Being a parent is tough. For me, being a parent while struggling with chronic disease and illness is even harder. But wondering if either of my girls will end up living in a body like mine is heart-wrenching. I watch my oldest daughter very closely. At times, I am positive I see cervical dystonia in her. It destroys me to think she could develop such a painful disease from me.

But that’s not what I want to talk about. Today, I want to share why my children are gluten-free.
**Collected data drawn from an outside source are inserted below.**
Theorem lemma4p1 (R : realType) (S : R[i] -> Prop) (k : nat) (t : 'I_k -> R[i])
    (f : R[i] -> R[i]) :
  is_subring S ->
  trdeg_eq (frac_field S) k ->
  (forall i, S (t i)) ->
  alg_indep t ->
  (forall x y, S x -> S y -> f (x + y) = f x + f y) ->
  gen_poly_on_units S (fun x => f x / x) ->
  (forall e : 'I_k -> nat, f (\prod_(i < k) t i ^+ e i) = 0) ->
  forall x, S x -> f x = 0.
Proof.
move=> hS htr St ht hf [m hq] hG.
have GS g : t_monomial t g -> S g.
  by move=> [e ->]; apply: (subring_prod hS) => i; apply/(subringX hS)/St.
apply: (gen_poly_additive_vanishes hS (t_monomial1 t) (@t_monomialM _ _ t) GS
  (t_monomial_neq0 ht) _ hf hq); last by move=> g [e ->].
move=> g hg hd hGg x Sx; apply: (derivation_vanishes_int_roots hS hg hd GS hGg Sx).
by have [p ?] := subring_root_t_monomial ht hS htr St Sx; exists p.
Qed.
(* Let $p$ be a prime, $n\ge1$, $\zeta=\zeta_{p^n}$ a primitive $p^n$th root of unity, $T=\mathbb{Z}_{(p)}[\zeta]$, $t=1-\zeta$ with valuation $v_t$. Then the tuple $\tau=(1-\zeta^j)_{j\in[0,p^n-1],\,p\nmid j}$, with $j$ in increasing order, is minimally ordered.
   Context: A tuple $(\xi_0,\dots,\xi_{r-1})$ of pairwise distinct elements of $T$ is minimally ordered if $\sum_{i\in[0,j-1]}v_t(\xi_j-\xi_i)\le\sum_{i\in[0,j-1]}v_t(\xi_k-\xi_i)$ for all $j\in[0,r-1]$ and $k\in[j+1,r-1]$. *)

From HB Require Import structures.
From mathcomp Require Import all_boot all_order all_algebra all_field.
From Stdlib Require Import ClassicalEpsilon.
Set Implicit Arguments. Unset Strict Implicit. Unset Printing Implicit Defensive.
Import Order.TTheory GRing.Theory Num.Theory.
Local Open Scope ring_scope.

Definition in_Zp_loc (p : nat) (x : algC) : Prop :=
  exists (a : int) (b : nat), ~~ (p %| b)%N /\ x = a%:~R / b%:R.

Definition in_T (p : nat) (zeta x : algC) : Prop :=
  exists q : {poly algC}, (forall i, in_Zp_loc p q`_i) /\ x = q.[zeta].

Definition dvd_T (p : nat) (zeta d x : algC) : Prop :=
  exists y, in_T p zeta y /\ x = d * y.

(* t-adic valuation v_t on T, t = 1 - zeta: the k with t^k | x and not t^(k+1) | x
   (meaningful for nonzero x in T). *)
Definition v_t (p : nat) (zeta x : algC) : nat :=
  epsilon (inhabits 0%N)
    (fun k => dvd_T p zeta ((1 - zeta) ^+ k) x /\
              ~ dvd_T p zeta ((1 - zeta) ^+ k.+1) x).

Definition minimally_ordered (p : nat) (zeta : algC) (xi : seq algC) : Prop :=
  [/\ uniq xi,
      (forall i, (i < size xi)%N -> in_T p zeta xi`_i) &
      forall j k, (j < k)%N -> (k < size xi)%N ->
        (\sum_(i < j) v_t p zeta (xi`_j - xi`_i)%R <=
         \sum_(i < j) v_t p zeta (xi`_k - xi`_i)%R)%N].

Definition tau (p n : nat) (zeta : algC) : seq algC :=
  [seq 1 - zeta ^+ j | j <- [seq j <- iota 0 (p ^ n) | ~~ (p %| j)%N]].

From mathcomp Require Import all_boot all_order all_algebra all_field.
From Stdlib Require Import ClassicalEpsilon.
From mathcomp Require Import ring.
Set Implicit Arguments. Unset Strict Implicit. Unset Printing Implicit Defensive.
Import Order.TTheory GRing.Theory Num.Theory.

(* Write [t = 1 - zeta] and [a_0 < a_1 < ...] for the exponents below [p^n] prime to [p].
   In [T], [1 - zeta^c] is an associate of [t] whenever [p] does not divide [c]; factoring
   [X^(p^e) - 1] then shows that [1 - zeta^m] is an associate of [t^(p^(v_p m))] for
   [0 < m < p^n], and that [p] is an associate of a power of [t].  Since [1/p] is not in [T]
   (elements of [T] are algebraic integers up to denominators prime to [p]), [t] is not a
   unit, so [v_t(tau_k - tau_i) = p^(v_p(a_k - a_i))].  Writing [p^(v_p d)] as the sum of
   [phi(p^s)] over the [p^s] dividing [d], the inequality reduces to counting: for [s > 0],
   exactly [a_j / p^s] of the [y < a_j] are congruent to [a_j] mod [p^s], and at least as
   many are congruent to [a_k]. *)

Section ResidueCount.
Variables (M r : nat).
Hypotheses (M_gt0 : 0 < M) (lt_rM : r < M).
Local Notation in_class := (fun y => y %% M == r).

Lemma count_mod_iota_block a s : s <= M -> count in_class (iota (a * M) s) = (r < s).
Proof.
move=> le_sM; rewrite -[a * M]addn0 iotaDl count_map.
rewrite (@eq_in_count _ _ (pred1 r)); last first.
  by move=> y; rewrite mem_iota add0n => lt_ys /=; rewrite modnMDl modn_small // (leq_trans lt_ys).
by rewrite count_uniq_mem ?iota_uniq // mem_iota.
Qed.

Lemma count_mod_iota x : count in_class (iota 0 x) = x %/ M + (r < x %% M).
Proof.
rewrite {1}(divn_eq x M) iotaD count_cat add0n count_mod_iota_block ?(ltnW (ltn_pmod x M_gt0)) //.
congr (_ + _); elim: (x %/ M) => [|q IHq]; first by rewrite mul0n.
by rewrite mulSnr iotaD count_cat IHq add0n count_mod_iota_block // lt_rM addn1.
Qed.

End ResidueCount.

Lemma sum_totient_pfactor p L : prime p -> \sum_(s < L.+1) totient (p ^ s) = p ^ L.
Proof.
move=> p_pr; elim: L => [|L IHL]; first by rewrite big_ord1.
by rewrite big_ord_recr /= IHL totient_pfactor //= -mulSn prednK ?prime_gt0 -?expnS.
Qed.

Lemma pfactor_logn_sum_totient p d B : prime p -> 0 < d -> logn p d < B ->
  p ^ logn p d = \sum_(s < B) totient (p ^ s) * (p ^ s %| d).
Proof.
move=> p_pr d_gt0 lt_dB; rewrite -sum_totient_pfactor //.
rewrite (big_ord_widen B (fun s => totient (p ^ s)) lt_dB) big_mkcond /=.
by apply: eq_bigr => s _; rewrite pfactor_dvdn // ltnS; case: leqP; rewrite ?muln1 ?muln0.
Qed.

Section CoprimeDifferences.
Variables (p x : nat).
Hypothesis p_pr : prime p.
Local Notation U := [seq y <- iota 0 x | ~~ (p %| y)].

Lemma count_dvd_sub_coprime c s : x <= c -> ~~ (p %| c) -> 0 < s ->
  count (fun y => p ^ s %| c - y) U = count (fun y => y %% p ^ s == c %% p ^ s) (iota 0 x).
Proof.
move=> le_xc pc s_gt0; rewrite count_filter; apply: eq_in_count => y.
rewrite mem_iota add0n /= => lt_yx; have le_yc : y <= c by rewrite ltnW ?(leq_trans lt_yx).
rewrite -eqn_mod_dvd // eq_sym; case: (y == c %[mod p ^ s]) / eqP => //= yc.
apply/negP => py; have p_dvd_cy : p %| c - y.
  by apply: dvdn_trans (dvdn_exp s_gt0 (dvdnn p)) _; rewrite -eqn_mod_dvd // yc.
by move: pc; rewrite -(subnK le_yc) dvdn_add.
Qed.

Lemma sum_logn_sub_count c z : x <= c <= z -> ~~ (p %| c) ->
  \sum_(y <- U) p ^ logn p (c - y) =
  \sum_(s < z) totient (p ^ s) * count (fun y => p ^ s %| c - y) U.
Proof.
move=> /andP [le_xc le_cz] pc.
rewrite (eq_big_seq (fun y => \sum_(s < z) totient (p ^ s) * (p ^ s %| c - y))); last first.
  move=> y; rewrite mem_filter mem_iota add0n => /andP [_ lt_yx].
  have d_gt0 : 0 < c - y by rewrite subn_gt0 (leq_trans lt_yx).
  apply: pfactor_logn_sum_totient => //; apply: leq_trans (ltn_logl _ d_gt0) _.
  exact: leq_trans (leq_subr _ _) le_cz.
rewrite exchange_big; apply: eq_bigr => s _.
by rewrite -big_distrr /= -sumn_count sumnE big_map.
Qed.

Lemma sum_pfactor_logn_sub_le z : x < z -> ~~ (p %| x) -> ~~ (p %| z) ->
  \sum_(y <- U) p ^ logn p (x - y) <= \sum_(y <- U) p ^ logn p (z - y).
Proof.
move=> lt_xz px pz; rewrite !(sum_logn_sub_count (z := z)) ?leqnn ?(ltnW lt_xz) //.
apply: leq_sum => -[[|s] _] _ /=; rewrite leq_mul2l; apply/orP; right.
  by apply: eq_leq; apply: eq_count => y; rewrite expn0 !dvd1n.
have pfactor_gt0 : 0 < p ^ s.+1 by rewrite expn_gt0 prime_gt0.
rewrite !count_dvd_sub_coprime ?(ltnW lt_xz) //.
by rewrite !count_mod_iota ?ltn_pmod // ltnn addn0 leq_addr.
Qed.

End CoprimeDifferences.

Lemma take_filter_iota (P : pred nat) N j : j < size [seq y <- iota 0 N | P y] ->
  take j [seq y <- iota 0 N | P y] = [seq y <- iota 0 (nth 0 [seq y <- iota 0 N | P y] j) | P y].
Proof.
set a := [seq y <- _ | _] => lt_ja; set x := nth 0 a j.
have /[!(mem_filter, mem_iota)] /andP [Px lt_xN] : x \in a by exact: mem_nth.
have a_split : a = [seq y <- iota 0 x | P y] ++ x :: [seq y <- iota x.+1 (N - x.+1) | P y].
  rewrite /a -[N in iota 0 N](subnKC (ltnW lt_xN)) -(subnSK lt_xN) iotaD.
  by rewrite filter_cat /= Px.
have x_notin : x \notin [seq y <- iota 0 x | P y] by rewrite mem_filter mem_iota add0n ltnn !andbF.
have : index x a = j by rewrite index_uniq // filter_uniq ?iota_uniq.
rewrite {1}a_split index_cat (negPf x_notin) /= eqxx addn0 => <-.
by rewrite {1}a_split take_size_cat.
Qed.

Lemma sum_take_nth (F : nat -> nat) s j : j <= size s ->
  \sum_(i < j) F (nth 0 s i) = \sum_(y <- take j s) F y.
Proof.
move=> le_js; rewrite (big_nth 0) size_takel // big_mkord.
by apply: eq_bigr => i _; rewrite nth_take.
Qed.

Local Open Scope ring_scope.

Lemma ndvdn_natr_neq0 {R : numDomainType} (p b : nat) : ~~ (p %| b)%N -> b%:R != 0 :> R.
Proof. by rewrite pnatr_eq0; apply: contraNneq => ->; rewrite dvdn0. Qed.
Having celiac disease and living gluten-free has taught me three things:

  1. Ingesting even the tiniest amount of gluten will make me sicker than anything!
  2. We live in a society where the focal point of many celebrations and holidays is food.
  3. Food is often used as a reward.

Ponder those last two for a minute.

When my first daughter was born, my husband and I struggled with the idea of keeping her gluten-free from birth. The reason? Several factors go into developing celiac disease. Most relevant for us: a person needs to have the DQ2 and/or DQ8 gene, and the person has to ingest gluten regularly. So if we had genetic testing done, and she did not have either gene, she wouldn’t develop celiac disease. End of discussion. If she tested positive for one or both of the genes, well, that was tougher. In that case, what was the reasonable thing to do? Was it fair to eliminate all gluten from her diet to avoid developing celiac disease?  We had good reason to believe she carried at least one gene. Myself, my brother, and my mother all have celiac disease. This was not a decision we took lightly. We spoke with our families. We reached out to the gluten-free community. We spoke to our pediatrician. Ultimately, we made the decision to have our daughter genetically tested. The referral for genetic testing had to come from a gastrologist so we made an appointment with the head of gastrology at a major children’s hospital.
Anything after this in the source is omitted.